Весь день я пропадал в мастерской, в камбузах пароходов, где пахло разогретым металлом и машинным маслом и были установлены железные печки-времянки, верстаки, тиски и шла работа по ремонту узлов пароходских машин. Механики и масленщики, превратившиеся зимой в слесарей, были сговорчивее, чем Луконин, который всегда решительно отказывался писать заметки, кивали, обещали к завтрашнему дню написать. Я знал, что этим обещаниям грош цена, и не уходил, спускался в машинные отделения и лазал по нагромождениям промороженного шестидесятиградусными морозами металла под нависшей от дыхания рабочих бахромой инея, постигал хитроумности давно известных человечеству паровых машин для того, чтобы самому понять, какая же часть работ завершена и что еще «держит» выполнение графика судоремонта. Механики и масленщики, покоренные моей заинтересованностью в их нелегком труде, возбужденные, как и я, лазали вместе со мной по закоулкам машинных отделений. Потом мы поднимались в теплые камбузы, и крепыш Завьялов, механик «Чкалова», или усатый, похожий на Буденного «дед» Жданов, или какой-нибудь без году неделя молоденький масленщик пристраивались с замызганным, выдранным из тетради листком на громадных тисках и обломком карандаша выводили несколько корявых строчек второпях, без знаков препинания. Заметки получались немногословные, похожие на ремонтные ведомости, в них говорилось о том, что уже отлажено и что еще предстоит шабрить, клепать, варить, сверлить, обтачивать на токарном станке и в какие сроки по плану и по обязательствам. Оказалось, что ремонт пароходских машин отстает от графика, мастерская задерживает выполнение заказов, кое-где до сих пор не утеплили камбузов, превращенных во временные мастерские. Не уходя в редакцию, тут же, я правил заметки, дополнял их и читал вслух авторам. Те слушали, удовлетворенно кивая после каждой фразы, в простоте душевной вслух удивлялись тому, как у них гладко получилось, иногда просили что-нибудь дописать или вычеркнуть и к обоюдному нашему удовлетворению подписывали уже готовые к печати материалы.

Вечером я пришел в кабинет Кирющенко и не без волнения устроился на неуклюжем стуле затонского изготовления у бревенчатой стены.
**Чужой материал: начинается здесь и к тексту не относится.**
(* In the distributional optimal poisoning problem below, assume the loss is convex in the model parameters and the relevant loss minimizers exist and are unique. Suppose either (1) $\mathrm{supp}(\mu_c)\subseteq\mathcal{C}$; or (2) $\mathcal{H}=\{h_\theta\}$ is a convex hypothesis class and for every $h_\theta\in\mathcal{H}$ there exists a distribution $\mu$ with $\mathrm{supp}(\mu)\subseteq\mathcal{C}$ and $\frac{\partial}{\partial\theta}L(h_\theta;\mu)=0$. Then the optimal attack performance is achieved with poisoning ratio $\epsilon$: if $(\mu_p^*,\delta^* )$ is a distributional optimal poisoning pair, there exists a distribution $\mu_p^{(\epsilon)}$ with $\mathrm{supp}(\mu_p^{(\epsilon)})\subseteq\mathcal{C}$ such that $$\mathrm{Risk}\Big(\arg\min_{h\in\mathcal{H}}\{L(h;\mu_c)+\epsilon L(h;\mu_p^{(\epsilon)})\};\mu_c\Big)=\mathrm{Risk}\Big(\arg\min_{h\in\mathcal{H}}\{L(h;\mu_c)+\delta^* L(h;\mu_p^* )\};\mu_c\Big).$$
   Context: $\mathcal{X}\subseteq\mathbb{R}^n$, $\mathcal{Y}=\{-1,+1\}$, $\mu_c$ the clean distribution on $\mathcal{X}\times\mathcal{Y}$, $\ell\ge 0$ the surrogate loss, $\mathrm{Risk}(h;\mu)=\Pr_{(x,y)\sim\mu}[h(x)\ne y]$, $L(h;\mu)=\mathbb{E}_{(x,y)\sim\mu}[\ell(h;x,y)]$, $\epsilon\ge0$ the poisoning budget, $\mathcal{C}\subseteq\mathcal{X}\times\mathcal{Y}$ the constraint set. Distributional optimal poisoning: $(\mu_p^*,\delta^* )\in\arg\max_{(\mu_p,\delta)}\mathrm{Risk}(h_p;\mu_c)$ subject to $\mathrm{supp}(\mu_p)\subseteq\mathcal{C}$ and $0\le\delta\le\epsilon$, where $h_p=\arg\min_{h\in\mathcal{H}}\{L(h;\mu_c)+\delta L(h;\mu_p)\}$. *)

From mathcomp Require Import all_boot all_order all_algebra all_classical all_reals all_analysis.
Import numFieldNormedType.Exports.
Set Implicit Arguments. Unset Strict Implicit. Unset Printing Implicit Defensive.
Import Order.TTheory GRing.Theory Num.Theory.
Local Open Scope classical_set_scope.
Local Open Scope ring_scope.

(* Data space X x Y with X an arbitrary measurable space and Y = {-1,+1}
   encoded as bool (true = +1, false = -1).  Hypotheses are h_theta,
   indexed by parameters theta in a normed space V over R. *)
Section Poisoning.
Variables (R : realType) (d : measure_display) (X : measurableType d)
  (V : normedModType R).

Definition sample := (X * bool)%type.

Definition supported_in (mu : probability sample R) (C : set sample) : Prop :=
  mu.-negligible (~` C).

Definition Risk (h : V -> X -> bool) (theta : V) (mu : probability sample R)
  : \bar R := mu [set z : sample | h theta z.1 != z.2].

Definition Lloss (loss : V -> sample -> R) (theta : V)
  (mu : probability sample R) : \bar R :=
  (\int[mu]_z (loss theta z)%:E)%E.

Definition pobj (loss : V -> sample -> R) (muc mup : probability sample R)
  (delta : R) (theta : V) : \bar R :=
  (Lloss loss theta muc + delta%:E * Lloss loss theta mup)%E.

Definition is_argmin (Theta : set V) (F : V -> \bar R) (theta : V) : Prop :=
  Theta theta /\ forall t, Theta t -> (F theta <= F t)%E.

Definition convex_param_set (Theta : set V) : Prop :=
  forall a b (t : R), Theta a -> Theta b -> 0 <= t <= 1 ->
    Theta (t *: a + (1 - t) *: b).

Definition loss_convex (loss : V -> sample -> R) : Prop :=
  forall z a b (t : R), 0 <= t <= 1 ->
    loss (t *: a + (1 - t) *: b) z <= t * loss a z + (1 - t) * loss b z.

(* d/dtheta L(h_theta; mu) = 0 at theta (L finite under integrability) *)
Definition grad_zero (loss : V -> sample -> R) (mu : probability sample R)
  (theta : V) : Prop :=
  let f := fun t : V => fine (Lloss loss t mu) in
  differentiable f theta /\ ('d f theta : V -> R) = (fun _ => 0).

End Poisoning.

From mathcomp Require Import all_boot all_order all_algebra all_classical all_reals all_analysis.
Import numFieldNormedType.Exports.
Import Order.TTheory GRing.Theory Num.Theory.
Local Open Scope classical_set_scope.
Local Open Scope ring_scope.
From HB Require Import structures.
From mathcomp Require Import measurable_realfun lebesgue_integral lra.
Set Implicit Arguments. Unset Strict Implicit. Unset Printing Implicit Defensive.
Theorem lemma1 (a2p a2m a4p a4p5 b4m b4m5 : nat) :
  T_symmetric (@qform a2p a2m a4p a4p5 b4m b4m5) <->
  ((a2p%:Z - a2m%:Z + a4p%:Z + a4p5%:Z - b4m%:Z - b4m5%:Z) %% 4)%Z = 0.
Proof.
set l := model a2p a2m a4p a4p5 b4m b4m5.
have hl : all (mem (pos_atoms ++ neg_atoms)) l by rewrite !all_cat !all_nseq !orbT.
have e := qform_model a2p a2m a4p a4p5 b4m b4m5.
transitivity (T_symmetric (qval (diag_space l))).
  by split=> h; [exact: (T_symmetric_isometric e h) | exact: (T_symmetric_isometric (isometric_sym e) h)].
rewrite T_symmetric_diagP // !map_cat !sumn_cat !map_nseq !sumn_nseq /=.
by split=> ?; lia.
Qed.
(* Assume complete resource pooling. The normalizing constant $B$ of the stationary distributions of the detailed FCFS matching chains is given by $$B=\Big(\prod_{j=1}^J\beta_{s_j}\sum_{(S_1,\ldots,S_J)\in\mathcal{P}_J}\prod_{\ell=1}^{J-1}\big(\beta_{\{S_1,\ldots,S_\ell\}}-\alpha_{\mathcal{U}(\{S_1,\ldots,S_\ell\})}\big)^{-1}\Big)^{-1}=\Big(\prod_{i=1}^I\alpha_{c_i}\sum_{(C_1,\ldots,C_I)\in\mathcal{P}_I}\prod_{\ell=1}^{I-1}\big(\beta_{\mathcal{S}(\{C_1,\ldots,C_\ell\})}-\alpha_{\{C_1,\ldots,C_\ell\}}\big)^{-1}\Big)^{-1},$$ where $\mathcal{P}_J$ is the set of all orderings of $s_1,\ldots,s_J$ and $\mathcal{P}_I$ the set of all orderings of $c_1,\ldots,c_I$.
   Context: Setting: finite type sets $\mathcal{C}=\{c_1,\ldots,c_I\}$, $\mathcal{S}=\{s_1,\ldots,s_J\}$, connected bipartite compatibility graph $G=(\mathcal{C},\mathcal{S},\mathcal{E})$, independent i.i.d. sequences $(c^m)_{m\in\mathbb{Z}}\sim\alpha$, $(s^n)_{n\in\mathbb{Z}}\sim\beta$, all probabilities positive. $\mathcal{S}(C)$ = server types compatible with some type in $C$; $\mathcal{C}(S)$ = customer types compatible with some type in $S$; $\mathcal{U}(S)=\mathcal{C}\setminus\mathcal{C}(\mathcal{S}\setminus S)$; $\alpha_C,\beta_S$ are sums of probabilities. Complete resource pooling: $\beta_S>\alpha_{\mathcal{U}(S)}$ for all nonempty proper $S\subsetneq\mathcal{S}$. Let $A$ be the a.s. unique (perfect) FCFS matching over $\mathbb{Z}$ (for each $(m,n)\in A$, every compatible $s^l$, $l<n$, is matched to some $c^k$, $k<m$, and every compatible $c^k$, $k<m$, to some $s^l$, $l<n$); set $\tilde{s}^m=s^n$ for $(m,n)\in A$. The server-by-server detailed chain $Z^s_N$: on the customer line position $m$ holds $\tilde{s}^m$ if $c^m$ is matched to a server of index $\le N$, else $c^m$; $Z^s_N$ is the word from the first position holding an unmatched customer to the last position holding an exchanged server (empty if the latter precedes the former). Its stationary distribution is $\pi_{Z^s}(\mathfrak{z})=B\prod_i\alpha_{c_i}^{\#c_i}\prod_j\beta_{s_j}^{\#s_j}$ ($\#$ counting types in $\mathfrak{z}$), and $B$ denotes this normalizing constant. *)

From Stdlib Require Import Reals.
From mathcomp Require Import all_boot all_fingroup.
Set Implicit Arguments. Unset Strict Implicit. Unset Printing Implicit Defensive.

Local Open Scope R_scope.

(* Customer types c_1..c_I are 'I_I, server types s_1..s_J are 'I_J;
   the compatibility graph is  E : 'I_I -> 'I_J -> bool. *)

Definition vert (I J : nat) := ('I_I + 'I_J)%type.

Definition adj (I J : nat) (E : 'I_I -> 'I_J -> bool) : rel (vert I J) :=
  fun x y => match x, y with
             | inl i, inr j => E i j
             | inr j, inl i => E i j
             | _, _ => false
             end.

Definition connected_bip (I J : nat) (E : 'I_I -> 'I_J -> bool) : Prop :=
  forall x y : vert I J, connect (adj E) x y.

Definition Sof (I J : nat) (E : 'I_I -> 'I_J -> bool) (C : {set 'I_I}) : {set 'I_J} :=
  [set j | [exists i in C, E i j]].
Definition Cof (I J : nat) (E : 'I_I -> 'I_J -> bool) (S : {set 'I_J}) : {set 'I_I} :=
  [set i | [exists j in S, E i j]].
Definition Uof (I J : nat) (E : 'I_I -> 'I_J -> bool) (S : {set 'I_J}) : {set 'I_I} :=
  ~: Cof E (~: S).

Definition msum (T : finType) (p : T -> R) (A : {set T}) : R :=
  \big[Rplus/0]_(x in A) p x.

Definition is_prob (T : finType) (p : T -> R) : Prop :=
  (forall x, 0 < p x) /\ \big[Rplus/0]_(x : T) p x = 1.
(* Let $\theta\in\mathbb{C}^4$ and let $\sigma=\sigma_{i_1}\sigma_{i_2}\cdots\sigma_{i_n}$ with $n\ge1$, $(i_1,\dots,i_n)\in\{1,2,3\}^n$ and $i_\nu\ne i_{\nu+1}$ for all $\nu$. Then $\mathcal{E}(\sigma)=\bigcup_{\nu=1}^nL_{i_\nu}$, $\sigma(\mathcal{E}(\sigma))=\{p_{i_1}\}$, and $I(\sigma)=\{p_{i_n}\}$.
   Context: For $\theta\in\mathbb{C}^4$, $\overline{\mathcal{S}}(\theta)\subset\mathbb{P}^3$ is the cubic surface $X_1X_2X_3+X_0(X_1^2+X_2^2+X_3^2)-X_0^2(\theta_1X_1+\theta_2X_2+\theta_3X_3)+\theta_4X_0^3=0$; $L_i=\{X_0=X_i=0\}$ ($i=1,2,3$); $p_1=[0:1:0:0]$, $p_2=[0:0:1:0]$, $p_3=[0:0:0:1]$. For $\{i,j,k\}=\{1,2,3\}$, $\sigma_i$ is the birational involution of $\overline{\mathcal{S}}(\theta)$ given by $X'_0=X_0^2$, $X'_i=\theta_iX_0^2-X_0X_i-X_jX_k$, $X'_j=X_0X_j$, $X'_k=X_0X_k$. For a bimeromorphic map $f$ of a compact complex surface $S$, represented by its desingularized graph $\Gamma$ with proper modifications $\pi_1,\pi_2:\Gamma\to S$, $f=\pi_2\circ\pi_1^{-1}$, let $\mathcal{E}(\pi_i)=\{x\in\Gamma:\#\pi_i^{-1}(\pi_i(x))=\infty\}$; the exceptional set is $\mathcal{E}(f)=\pi_1(\mathcal{E}(\pi_2))$ and the indeterminacy set is $I(f)=\pi_1(\mathcal{E}(\pi_1))$. *)

From Stdlib Require Import Reals List.
From Coquelicot Require Import Coquelicot.
Import ListNotations.
Open Scope R_scope.

(* Homogeneous coordinates [X0:X1:X2:X3] of a point of P^3(C);
   a point is represented by any nzv vector. *)
Record V4 := mkV4 { X0 : C; X1 : C; X2 : C; X3 : C }.

Definition v4zero : V4 := mkV4 0%C 0%C 0%C 0%C.
Definition nzv (X : V4) : Prop := X <> v4zero.

Definition scale (l : C) (X : V4) : V4 :=
  mkV4 (l * X0 X)%C (l * X1 X)%C (l * X2 X)%C (l * X3 X)%C.

Definition proj_eq (X Y : V4) : Prop :=
  nzv X /\ nzv Y /\ exists l : C, l <> 0%C /\ Y = scale l X.

Inductive idx := I1 | I2 | I3.

Definition coord (i : idx) (X : V4) : C :=
  match i with I1 => X1 X | I2 => X2 X | I3 => X3 X end.

Definition on_S (t1 t2 t3 t4 : C) (X : V4) : Prop :=
  nzv X /\
  (X1 X * X2 X * X3 X
   + X0 X * (X1 X * X1 X + X2 X * X2 X + X3 X * X3 X)
   - X0 X * X0 X * (t1 * X1 X + t2 * X2 X + t3 * X3 X)
   + t4 * (X0 X * X0 X * X0 X))%C = 0%C.

Definition on_L (i : idx) (X : V4) : Prop :=
  nzv X /\ X0 X = 0%C /\ coord i X = 0%C.

Definition pt (i : idx) : V4 :=
  match i with
  | I1 => mkV4 0%C 1%C 0%C 0%C
  | I2 => mkV4 0%C 0%C 1%C 0%C
  | I3 => mkV4 0%C 0%C 0%C 1%C
  end.

Definition sigma_formula (t1 t2 t3 : C) (i : idx) (X : V4) : V4 :=
  let a := X0 X in let x := X1 X in let y := X2 X in let z := X3 X in
  match i with
  | I1 => mkV4 (a * a)%C (t1 * a * a - a * x - y * z)%C (a * y)%C (a * z)%C
  | I2 => mkV4 (a * a)%C (a * x)%C (t2 * a * a - a * y - x * z)%C (a * z)%C
  | I3 => mkV4 (a * a)%C (a * x)%C (a * y)%C (t3 * a * a - a * z - x * y)%C
  end.

(* Evaluation of the formula of sigma = sigma_{i_1} ... sigma_{i_n}
   (word [i_1; ...; i_n], sigma_{i_n} applied first) at a vector. *)
Fixpoint eval_word (t1 t2 t3 : C) (w : list idx) (X : V4) : V4 :=
  match w with
  | [] => X
  | i :: w' => sigma_formula t1 t2 t3 i (eval_word t1 t2 t3 w' X)
  end.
Кроме начальника политотдела, здесь были Стариков, Рябов, механик Жданов, черноусый невысокий человек, у которого только что в камбузе «Индигирки» я взял заметку. Позднее всех пришел Васильев, присел сбоку от Кирющенко, закинув нога на ногу и опершись локтем о край стола. Лицо его выглядело усталым, припухли складки у губ, лишь в глазах теплились прежние живые огоньки. Он хмурился и молчал. Мне показалось, что он ждет каких-то неприятностей.

Моя информация о работе комсомольской организации была короткой: рассказал о постах «легкой кавалерии» на складе и в мастерской, сказал, что ремонт судов отстает от графика, упомянул о драмкружке.

Васильев подтвердил:

— Читал акт «легкой кавалерии», заставлю навести порядок. Стариков похвалил за рейды. Совсем коротко сказал Жданов: «Надеемся мы на наш комсомол…» Кирющенко слушал, едва приметно усмехался чему-то и тоже похвалил: правильное начало. Но затем, не щадя моего самолюбия, принялся стыдить за вчерашнюю историю.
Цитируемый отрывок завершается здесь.